* _Stored data entries_:
* * *

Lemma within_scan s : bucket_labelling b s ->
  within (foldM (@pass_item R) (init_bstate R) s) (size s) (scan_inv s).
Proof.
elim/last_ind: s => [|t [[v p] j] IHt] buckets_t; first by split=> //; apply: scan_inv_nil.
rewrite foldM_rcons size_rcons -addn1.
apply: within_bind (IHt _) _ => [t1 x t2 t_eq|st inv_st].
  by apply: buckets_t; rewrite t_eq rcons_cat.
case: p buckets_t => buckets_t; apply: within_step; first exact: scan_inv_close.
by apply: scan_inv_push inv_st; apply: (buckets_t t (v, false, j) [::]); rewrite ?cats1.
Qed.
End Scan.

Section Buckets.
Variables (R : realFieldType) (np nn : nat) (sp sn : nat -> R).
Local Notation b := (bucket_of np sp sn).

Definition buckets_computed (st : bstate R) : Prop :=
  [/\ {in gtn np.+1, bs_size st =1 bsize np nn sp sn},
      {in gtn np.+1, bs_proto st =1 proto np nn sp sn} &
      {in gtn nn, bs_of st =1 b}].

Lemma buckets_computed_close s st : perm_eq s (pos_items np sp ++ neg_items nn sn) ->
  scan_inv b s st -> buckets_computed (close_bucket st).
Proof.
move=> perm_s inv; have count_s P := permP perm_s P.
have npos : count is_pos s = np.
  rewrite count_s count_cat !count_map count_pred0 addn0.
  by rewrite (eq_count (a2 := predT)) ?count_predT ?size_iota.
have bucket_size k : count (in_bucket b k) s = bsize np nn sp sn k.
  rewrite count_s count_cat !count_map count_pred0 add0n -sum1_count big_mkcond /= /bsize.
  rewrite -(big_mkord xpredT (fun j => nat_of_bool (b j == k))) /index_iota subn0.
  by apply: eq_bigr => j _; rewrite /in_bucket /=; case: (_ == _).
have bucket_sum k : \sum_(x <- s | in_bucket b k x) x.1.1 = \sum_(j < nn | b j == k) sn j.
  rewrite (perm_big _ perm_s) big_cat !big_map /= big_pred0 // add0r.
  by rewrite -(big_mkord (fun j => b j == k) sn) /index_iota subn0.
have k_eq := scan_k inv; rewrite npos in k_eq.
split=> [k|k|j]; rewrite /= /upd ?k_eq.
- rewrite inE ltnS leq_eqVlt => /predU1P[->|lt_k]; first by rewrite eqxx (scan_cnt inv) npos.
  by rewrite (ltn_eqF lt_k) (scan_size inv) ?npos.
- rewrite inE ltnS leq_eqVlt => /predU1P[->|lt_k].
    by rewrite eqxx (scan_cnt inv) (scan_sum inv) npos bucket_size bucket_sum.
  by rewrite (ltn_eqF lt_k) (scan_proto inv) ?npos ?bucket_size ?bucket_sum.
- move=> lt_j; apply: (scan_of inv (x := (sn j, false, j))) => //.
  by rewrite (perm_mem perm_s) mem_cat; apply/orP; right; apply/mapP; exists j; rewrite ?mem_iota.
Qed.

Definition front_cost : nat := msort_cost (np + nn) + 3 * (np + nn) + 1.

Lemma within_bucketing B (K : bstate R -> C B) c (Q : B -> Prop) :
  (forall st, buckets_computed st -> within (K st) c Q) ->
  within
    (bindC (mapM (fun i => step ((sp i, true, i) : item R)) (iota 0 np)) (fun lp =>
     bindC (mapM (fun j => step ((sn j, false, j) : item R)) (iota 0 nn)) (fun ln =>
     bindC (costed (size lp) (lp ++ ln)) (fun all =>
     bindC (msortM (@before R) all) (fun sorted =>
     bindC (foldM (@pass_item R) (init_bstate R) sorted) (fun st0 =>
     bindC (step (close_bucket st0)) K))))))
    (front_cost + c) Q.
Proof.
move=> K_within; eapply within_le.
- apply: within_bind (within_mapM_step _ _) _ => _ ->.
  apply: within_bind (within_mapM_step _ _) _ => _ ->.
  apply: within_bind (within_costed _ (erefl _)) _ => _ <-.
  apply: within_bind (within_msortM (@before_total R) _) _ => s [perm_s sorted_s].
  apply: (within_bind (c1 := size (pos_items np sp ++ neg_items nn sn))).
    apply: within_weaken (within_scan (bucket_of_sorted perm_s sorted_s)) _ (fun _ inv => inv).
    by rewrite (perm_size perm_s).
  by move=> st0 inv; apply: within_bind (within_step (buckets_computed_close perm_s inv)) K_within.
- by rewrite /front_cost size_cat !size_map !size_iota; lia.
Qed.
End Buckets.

* * *

* _Brief_:
From the records above, print only the lines between the one holding "bindC (foldM (@pass_item" and the one holding "by rewrite (perm_size perm_s).", inclusive, exactly as they stand.

* _Completed task_:
     bindC (foldM (@pass_item R) (init_bstate R) sorted) (fun st0 =>
     bindC (step (close_bucket st0)) K))))))
    (front_cost + c) Q.
Proof.
move=> K_within; eapply within_le.
- apply: within_bind (within_mapM_step _ _) _ => _ ->.
  apply: within_bind (within_mapM_step _ _) _ => _ ->.
  apply: within_bind (within_costed _ (erefl _)) _ => _ <-.
  apply: within_bind (within_msortM (@before_total R) _) _ => s [perm_s sorted_s].
  apply: (within_bind (c1 := size (pos_items np sp ++ neg_items nn sn))).
    apply: within_weaken (within_scan (bucket_of_sorted perm_s sorted_s)) _ (fun _ inv => inv).
    by rewrite (perm_size perm_s).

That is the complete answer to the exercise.